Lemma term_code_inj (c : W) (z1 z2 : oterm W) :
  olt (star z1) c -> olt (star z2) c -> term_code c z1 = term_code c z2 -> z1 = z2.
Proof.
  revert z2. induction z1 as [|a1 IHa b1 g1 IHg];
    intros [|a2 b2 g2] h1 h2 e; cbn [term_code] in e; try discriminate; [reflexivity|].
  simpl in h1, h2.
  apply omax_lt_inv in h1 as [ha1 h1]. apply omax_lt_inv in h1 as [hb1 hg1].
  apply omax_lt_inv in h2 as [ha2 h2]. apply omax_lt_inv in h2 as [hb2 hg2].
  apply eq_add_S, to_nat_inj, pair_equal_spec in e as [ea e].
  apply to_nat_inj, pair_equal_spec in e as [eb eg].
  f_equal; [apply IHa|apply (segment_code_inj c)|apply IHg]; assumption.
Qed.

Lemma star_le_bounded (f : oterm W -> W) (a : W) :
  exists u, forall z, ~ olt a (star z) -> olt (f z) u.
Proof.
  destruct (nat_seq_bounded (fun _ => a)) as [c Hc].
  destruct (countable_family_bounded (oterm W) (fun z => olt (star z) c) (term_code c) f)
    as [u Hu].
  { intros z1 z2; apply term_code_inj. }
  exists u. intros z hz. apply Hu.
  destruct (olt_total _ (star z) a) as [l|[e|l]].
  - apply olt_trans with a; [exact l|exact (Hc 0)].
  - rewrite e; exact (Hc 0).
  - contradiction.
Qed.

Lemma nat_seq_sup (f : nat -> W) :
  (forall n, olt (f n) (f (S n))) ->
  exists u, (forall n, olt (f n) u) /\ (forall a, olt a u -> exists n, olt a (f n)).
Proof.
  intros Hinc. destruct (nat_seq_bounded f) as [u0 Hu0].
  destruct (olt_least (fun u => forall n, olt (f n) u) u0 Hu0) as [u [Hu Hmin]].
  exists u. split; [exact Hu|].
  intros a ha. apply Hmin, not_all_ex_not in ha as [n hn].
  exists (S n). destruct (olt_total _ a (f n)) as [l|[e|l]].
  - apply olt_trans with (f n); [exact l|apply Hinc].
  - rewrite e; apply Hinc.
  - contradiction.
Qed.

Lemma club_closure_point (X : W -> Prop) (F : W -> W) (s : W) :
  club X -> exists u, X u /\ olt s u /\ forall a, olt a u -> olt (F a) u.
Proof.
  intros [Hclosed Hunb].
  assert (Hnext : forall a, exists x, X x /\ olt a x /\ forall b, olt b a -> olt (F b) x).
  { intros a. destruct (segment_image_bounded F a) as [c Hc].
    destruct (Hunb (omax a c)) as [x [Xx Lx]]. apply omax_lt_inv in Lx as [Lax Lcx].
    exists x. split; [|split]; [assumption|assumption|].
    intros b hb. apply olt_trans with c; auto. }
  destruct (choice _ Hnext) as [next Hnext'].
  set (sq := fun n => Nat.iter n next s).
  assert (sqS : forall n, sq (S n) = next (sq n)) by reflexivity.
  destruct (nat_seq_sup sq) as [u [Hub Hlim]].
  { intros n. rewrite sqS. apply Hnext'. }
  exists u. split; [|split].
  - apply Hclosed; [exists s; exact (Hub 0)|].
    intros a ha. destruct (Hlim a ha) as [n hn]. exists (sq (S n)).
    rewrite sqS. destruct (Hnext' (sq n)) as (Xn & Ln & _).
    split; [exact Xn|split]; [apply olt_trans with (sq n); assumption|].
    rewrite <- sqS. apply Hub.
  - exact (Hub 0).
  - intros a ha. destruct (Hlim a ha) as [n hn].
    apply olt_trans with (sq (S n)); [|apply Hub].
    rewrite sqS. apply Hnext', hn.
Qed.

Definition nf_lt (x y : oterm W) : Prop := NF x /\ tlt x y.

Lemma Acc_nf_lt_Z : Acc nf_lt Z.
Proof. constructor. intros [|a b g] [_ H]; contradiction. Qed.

###

* Directions for this task: Your task is to gather all lines from the entries above that hold the word "rewrite".

* Answer to this problem:
  - rewrite e; exact (Hc 0).
  - rewrite e; apply Hinc.
  { intros n. rewrite sqS. apply Hnext'. }
    rewrite sqS. destruct (Hnext' (sq n)) as (Xn & Ln & _).
    rewrite <- sqS. apply Hub.
    rewrite sqS. apply Hnext', hn.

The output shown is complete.